【论文解读】单目3D目标检测 LPCG（ECCV 2022）-阿里云开发者社区

一、LPCG 简介

LPCG是一种用激光点云指导-单目3D目标检测的方法，通过点云数据生成海量粗略的3D标签，生成过程中不用对点云进行标注；降低3D标签的成本。

同时这些海量“粗略的3D标签”位置是准确的，只是尺寸和朝向有些偏差；

所以如何通过点云数据，直接生成粗略的3D标签是LPCG论文亮点。

用这些海量“粗略的3D标签”，作为伪标签，指导单目3D目标检测训练。这种方法可以应用到各种单目3D目标检测模型中，模型精度提升大，太强了~

论文地址：Lidar Point Cloud Guided Monocular 3D Object Detection

开源地址：https://github.com/SPengLiang/LPCG

二、论文核心观点

论文核心观点，主要有4点组成：

1、在单目3D目标检测的标签中，中心点位置准确性，是非常重要的；与标签的尺寸和朝向相比，3D位置是极其关键的。
2、激光雷达的点云数据，具有准确的3D测量；获取点云数据，不用对点云数据进行标注，经过算法直接生成粗略的3D标签。
3、标注一小部分数据，监督训练点云3D目标检测模型，得到高精度的模型；模型预测的结果，作为较精准的3D标签。
4、用海量的粗略3D标签，和小量的较精准3D标签，一起形成伪标签，指导单目3D目标检测训练。

三、思路框架

LPCG是一种用激光点云指导-单目3D目标检测的方法，可以应用到各种单目3D目标检测模型中，比如：MonoFlex、M3D-RPN等等。

思路框架如下图所示：

第一步：生成伪标签

低成本模式，获取点云数据，不用对点云数据进行标注，经过算法直接生成粗略的3D标签。
高精度模式，标注一小部分数据，监督训练点云3D目标检测模型，得到高精度的模型；模型预测的结果，作为较精准的3D标签。
整合低成本模型输出的海量的粗略3D标签，高精度模型输出的较精准的3D标签，一起作为单目3D目标检测模型的标签。

第二步：训练单目3D模型

得到伪标签，进行有监督训练，得到单目3D目标检测模型。

四、核心观点——单目3D目标检测的标签中，3D位置是极其关键的

作者对标签中的中心位置、尺寸、朝向，进行干扰实验。通过在百分比范围内，随机移动相应的值来扰乱完美的手动注释标签。

受5%干扰的标签准确率，与完美标签的准确度相当。

当实施大干扰（10%和20%）时，可以看到位置（Location）主导性能（AP仅在干扰位置时显著降低）。

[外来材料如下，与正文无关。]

Lemma filter_nil_Forall f l : Forall (fun x => ~~ f x) l -> filter f l = [].
Proof. by elim=> //= x l' fx _ ->; rewrite (negbTE fx). Qed.

Lemma Permutation_app_cons_split (X c c' : list T) j :
  Permutation (X ++ c) (j :: c') -> ~ In j X ->
  exists c1, Permutation c' (X ++ c1) /\ Permutation c (j :: c1).
Proof.
move=> perm jX.
have jXc : In j (X ++ c) by apply: Permutation_in (Permutation_sym perm) (in_eq _ _).
have [//|jc] := in_app_or _ _ _ jXc; have [c2 [c3 ec]] := in_split _ _ jc.
exists (c2 ++ c3); split; last by rewrite ec; apply: Permutation_sym; apply: Permutation_middle.
apply: (@Permutation_cons_inv _ _ _ j); apply: Permutation_trans (Permutation_sym perm) _.
by rewrite ec !app_assoc; apply: Permutation_sym; apply: Permutation_middle.
Qed.

End ListFacts.

Section Contraction.

Local Bind Scope list_scope with list.

Variable Agt : finType.
Local Notation form := (form Agt).
Local Notation boxed := (boxed Agt).
Local Notation tseq := (tseq Agt).

Lemma tperm_refl (s : tseq) : tperm s s.
Proof. by split; [|split]. Qed.

Lemma tperm_sym (s t : tseq) : tperm s t -> tperm t s.
Proof. by case=> [hS [hL hR]]; split; [|split]; apply: Permutation_sym. Qed.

这表明，具有精确位置的粗略伪3D box标签，可以替代完美的带注释的3D box标签。即：发现手动标注的完美标签，对于单目3D检测是非必要的。

作者注意到激光点云可以提供有价值的3D Location信息，点云可以提供精确的深度测量，而周围精确的深度信息可以提供更加精确的物体位置，这对于3D物体检测至关重要。

点云可以由激光雷达设备轻松获取，允许离线收集大量点云，无需人工成本。

于是，使用点云生成3D伪标签，新生成的标签可用于训练单目3D检测器。

五、核心内容——低成本模式，点云数据生成粗略的3D标签

低成本模式，获取点云数据，不用对点云数据进行标注，经过算法直接生成粗略的3D标签。思路流程：

1、2D实例分割：采用2D实例分割模型，对图像进行分割，获得2D框和掩模mask。默认使用mask-rcnn模型。

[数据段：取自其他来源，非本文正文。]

(* Let $T_1,T_2,T_3$ be binary trees on $[n]$. For the JC model and for the K2P model: if there is a four-element set $Q\subseteq[n]$ such that $T_3|_Q\notin\{T_1|_Q,T_2|_Q\}$, then $V_{T_3}\not\subseteq V_{T_1}\ast V_{T_2}$.
   Context: Trees are unrooted binary trees with leaves labelled bijectively by $[n]$; $T|_Q$ is the induced subtree on leaf set $Q$; $\Sigma(T)$ is the set of splits of $T$. With $G=\mathbb{Z}_2\times\mathbb{Z}_2$ and $A=(0,0)$, $C=(0,1)$, $G=(1,0)$, $T=(1,1)$, the K3P model on $T$ in Fourier coordinates $q_{g_1\cdots g_n}$ is $q_{g_1\cdots g_n}=\prod_{A|B\in\Sigma(T)}a^{A|B}_{\sum_{i\in A}g_i}$ if $\sum g_i=0$ and $0$ otherwise; K2P imposes $a^e_G=a^e_T$, JC imposes $a^e_C=a^e_G=a^e_T$ for all splits $e$. $V_T\subseteq\mathbb{P}^{4^n-1}$ is the Zariski closure of the image for complex parameters; $V\ast W$ is the join (Zariski closure of the union of all lines meeting $V$ and $W$). *)

From mathcomp Require Import all_boot all_algebra.
From mathcomp Require Import Rstruct.
From mathcomp Require Import complex.
From mathcomp Require Import mpoly.

Set Implicit Arguments.
Unset Strict Implicit.
Unset Printing Implicit Defensive.

Import GRing.Theory.
Local Open Scope ring_scope.

Definition CC : numClosedFieldType := (Rdefinitions.R)[i].

Definition grp : zmodType := ('Z_2 * 'Z_2)%type.
Definition gA : grp := (0%R, 0%R).
Definition gC : grp := (0%R, 1%R).
Definition gG : grp := (1%R, 0%R).
Definition gT : grp := (1%R, 1%R).

(* A split A|B of [n] = 'I_n is encoded as the unordered pair {A, B}.  *)
Definition is_split (n : nat) (e : {set {set 'I_n}}) : Prop :=
  exists A : {set 'I_n}, [/\ A != set0, ~: A != set0 & e = [set A; ~: A]].

Definition compatible (n : nat) (e1 e2 : {set {set 'I_n}}) : bool :=
  [exists A1 in e1, exists A2 in e2, A1 :&: A2 == set0].

(* Unrooted binary (phylogenetic) trees with leaves bijectively labelled by
   [n], identified with their split systems: by Buneman's theorem these are
   exactly the pairwise compatible split systems with 2n-3 splits. *)
Definition binary_tree (n : nat) (T : {set {set {set 'I_n}}}) : Prop :=
  [/\ (forall e, e \in T -> is_split e),
      {in T &, forall e1 e2, compatible e1 e2}
    & #|T| = (2 * n - 3)%N].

2、提取ROI点云：结合实例分割结果mask，和相机平截头体camera frustums，提取每个对象选择相关的ROI点云。其中忽略了内部没有任何点云点的框。

3、点云聚类：位于同一平截头体中的激光雷达点由对象点和混合背景或遮挡点组成。为了消除不相关的点，作者用DBSCAN根据密度将RoI点云划分为不同的组。在3D空间中接近的点将聚集到一个簇中。

4、形成各个物体点云：将包含大多数点的簇视为与对象相对应的目标。

5、在BEV中形成2D框：为了简化解决3D边界框的问题，作者将点投影到BEV鸟瞰图上，减少了参数。得到BEV的中心点信息、长宽、朝向。

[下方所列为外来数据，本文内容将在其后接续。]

(* Let $\mathbb{k}$ be a field of characteristic $0$, $\mathfrak{M}$ a monomial group, and $(\epsilon_i)_{i\in I}$ a family in $\mathbb{k}[[\mathfrak{M}]]^{\prec1}$. Then $(\epsilon_i)$ is summable if and only if $(\log(1+\epsilon_i))_{i\in I}$ is summable.
   Context: A monomial group is a (multiplicatively written) totally ordered abelian group $\mathfrak{M}$, with order written $\prec$. A subset of $\mathfrak{M}$ is well-based if it has no infinite strictly increasing sequence. $\mathbb{k}[[\mathfrak{M}]]$ is the Hahn field of formal series $f=\sum_{\mathfrak{m}}f_{\mathfrak{m}}\mathfrak{m}$ ($f_{\mathfrak{m}}\in\mathbb{k}$) with well-based support $\operatorname{supp}f=\{\mathfrak{m}:f_{\mathfrak{m}}\neq0\}$. $\mathbb{k}[[\mathfrak{M}]]^{\prec1}$ is the set of $f$ with $\operatorname{supp} f\subseteq\{\mathfrak{m}:\mathfrak{m}\prec1\}$. A family $(f_i)_{i\in I}$ ($I$ a set) is summable if $\bigcup_i\operatorname{supp}f_i$ is well-based and each $\mathfrak{m}$ lies in $\operatorname{supp}f_i$ for only finitely many $i$; its sum is taken coefficientwise. For $\epsilon\in\mathbb{k}[[\mathfrak{M}]]^{\prec1}$, $\log(1+\epsilon)=\sum_{j\ge1}(-1)^{j-1}\epsilon^j/j$ (this sum exists). *)

From HB Require Import structures.
From mathcomp Require Import all_boot all_order all_algebra.
From mathcomp Require Import boolp classical_sets cardinality fsbigop.
Set Implicit Arguments.
Unset Strict Implicit.
Unset Printing Implicit Defensive.
Import Order.TTheory GRing.Theory.
Local Open Scope classical_set_scope.
Local Open Scope ring_scope.

(* The carrier is a
   choiceType (harmless classically) so that finitely supported sums make sense. *)
Record monomial_group := MonomialGroup {
  mg_carrier :> choiceType;
  mg_mul : mg_carrier -> mg_carrier -> mg_carrier;
  mg_one : mg_carrier;
  mg_inv : mg_carrier -> mg_carrier;
  mg_lt : mg_carrier -> mg_carrier -> Prop;
  mg_mulA : associative mg_mul;
  mg_mulC : commutative mg_mul;
  mg_mul1 : left_id mg_one mg_mul;
  mg_mulV : left_inverse mg_one mg_inv mg_mul;
  mg_lt_irr : forall x, ~ mg_lt x x;
  mg_lt_trans : forall x y z, mg_lt x y -> mg_lt y z -> mg_lt x z;
  mg_lt_total : forall x y, x <> y -> mg_lt x y \/ mg_lt y x;
  mg_lt_mul : forall x y z, mg_lt x y -> mg_lt (mg_mul x z) (mg_mul y z)
}.

Section Hahn.
Variables (k : fieldType) (M : monomial_group).

Definition well_based (S : set M) : Prop :=
  forall u : nat -> M, (forall n, S (u n)) -> ~ (forall n, mg_lt (u n) (u n.+1)).

(* formal series are represented by their coefficient functions M -> k *)
Definition supp (f : M -> k) : set M := [set m | f m != 0].

Definition is_hahn (f : M -> k) : Prop := well_based (supp f).

Definition is_infinitesimal (f : M -> k) : Prop :=
  is_hahn f /\ forall m, f m != 0 -> mg_lt m (mg_one M).

Definition summable (I : Type) (f : I -> M -> k) : Prop :=
  well_based (\bigcup_(i in [set: I]) supp (f i)) /\
  forall m : M, finite_set [set i | f i m != 0].

(* coefficientwise sum of a family (meaningful when the family is summable) *)
Definition hsum (I : choiceType) (f : I -> M -> k) : M -> k :=
  fun m => \sum_(i \in [set: I]) f i m.

(* Hahn product (the sum is finite for well-based supports) *)
Definition hmul (f g : M -> k) : M -> k :=
  fun m => \sum_(p \in [set p : M * M | mg_mul p.1 p.2 = m]) f p.1 * g p.2.

Definition hone : M -> k := fun m => if m == mg_one M then 1 else 0.

Fixpoint hexp (f : M -> k) (j : nat) : M -> k :=
  if j is j'.+1 then hmul f (hexp f j') else hone.

(* log(1+eps) = sum_{j>=1} (-1)^(j-1) eps^j / j *)
Definition hlog1p (eps : M -> k) : M -> k :=
  hsum (fun j : nat => fun m =>
    if j is 0%N then 0 else (-1) ^+ j.-1 * (j%:R)^-1 * hexp eps j m).

End Hahn.

(* Neumann's lemma: if S is well-based and S < 1, then the semigroup S+ of
   nonempty products of elements of S is well-based, and every monomial is such
   a product in only finitely many ways.  Both follow from the nonexistence of a
   "bad" sequence of words over S (pairwise distinct, with nondecreasing
   products), proved by Nash-Williams' minimal bad sequence argument.
   Every monomial of log(1 + e) is a product of monomials of e, so by Neumann's
   lemma summability passes from (e_i) to (log(1 + e_i)).  Conversely, by
   well-based induction every monomial m of e is a product of monomials of
   log(1 + e): either m occurs in some e^j with j > 1, and is then a product of
   strictly larger monomials of e, or the coefficients of m in e and in
   log(1 + e) agree. *)

From mathcomp Require Import all_boot all_order all_algebra.
From mathcomp Require Import boolp classical_sets functions cardinality fsbigop.
Set Implicit Arguments.
Unset Strict Implicit.
Unset Printing Implicit Defensive.
Import GRing.Theory.
Local Open Scope classical_set_scope.

Section MonomialOrder.
Variable M : monomial_group.
Implicit Types (x y z s t : M) (l : seq M).

Definition mg_le x y := mg_lt x y \/ x = y.

Definition mg_prod l : M := foldr (@mg_mul M) (mg_one M) l.

Lemma mg_lt_asym x y : mg_lt x y -> ~ mg_lt y x.
Proof. by move=> xy yx; apply: (@mg_lt_irr M x); apply: mg_lt_trans xy yx. Qed.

6、生成3D框信息：结合点云的高度，和BEV的中心点信息、长宽、朝向，得到完整的3D框信息（中心位置、长宽高、朝向）

这里再讲一下在BEV中形成2D框，使用物体点的凸包（ the convex hull），然后使用旋转卡壳（rotating calipers）。

看一下2D实例分割的代码，默认使用mask-rcnn模型，进行实例分割。包含的类别的：

COCO_INSTANCE_CATEGORY_NAMES = [
    '__background__', 'person', 'bicycle', 'car', 'motorcycle', 'airplane', 'bus',
    'train', 'truck', 'boat', 'traffic light', 'fire hydrant', 'N/A', 'stop sign',
    'parking meter', 'bench', 'bird', 'cat', 'dog', 'horse', 'sheep', 'cow',
    'elephant', 'bear', 'zebra', 'giraffe', 'N/A', 'backpack', 'umbrella', 'N/A', 'N/A',
    'handbag', 'tie', 'suitcase', 'frisbee', 'skis', 'snowboard', 'sports ball',
    'kite', 'baseball bat', 'baseball glove', 'skateboard', 'surfboard', 'tennis racket',
    'bottle', 'N/A', 'wine glass', 'cup', 'fork', 'knife', 'spoon', 'bowl',
    'banana', 'apple', 'sandwich', 'orange', 'broccoli', 'carrot', 'hot dog', 'pizza',
    'donut', 'cake', 'chair', 'couch', 'potted plant', 'bed', 'N/A', 'dining table',
    'N/A', 'N/A', 'toilet', 'N/A', 'tv', 'laptop', 'mouse', 'remote', 'keyboard', 'cell phone',
    'microwave', 'oven', 'toaster', 'sink', 'refrigerator', 'N/A', 'book',
    'clock', 'vase', 'scissors', 'teddy bear', 'hair drier', 'toothbrush'
]

核心代码：

if __name__ == '__main__':
    # pre_trained_mask_rcnn_path = '/private/pengliang/maskrcnn_resnet50_fpn.pth'
    # model = torchvision.models.detection.maskrcnn_resnet50_fpn(pretrained=False, pretrained_backbone=False)
    # model.load_state_dict(torch.load(pre_trained_mask_rcnn_path))
    model = torchvision.models.detection.maskrcnn_resnet50_fpn(pretrained=True)
    model.cuda()
    model.eval()
    with torch.no_grad():
        for _, v in enumerate(tqdm(train_id)):
            img_file_path = os.path.join(img_dir, v+'.png')
            seg_mask_path = img_file_path.replace('image_2', 'seg_mask').replace('png', 'npz')
            seg_bbox_path = img_file_path.replace('image_2', 'seg_bbox').replace('png', 'txt')
            seg_mask_dir = os.path.dirname(seg_mask_path)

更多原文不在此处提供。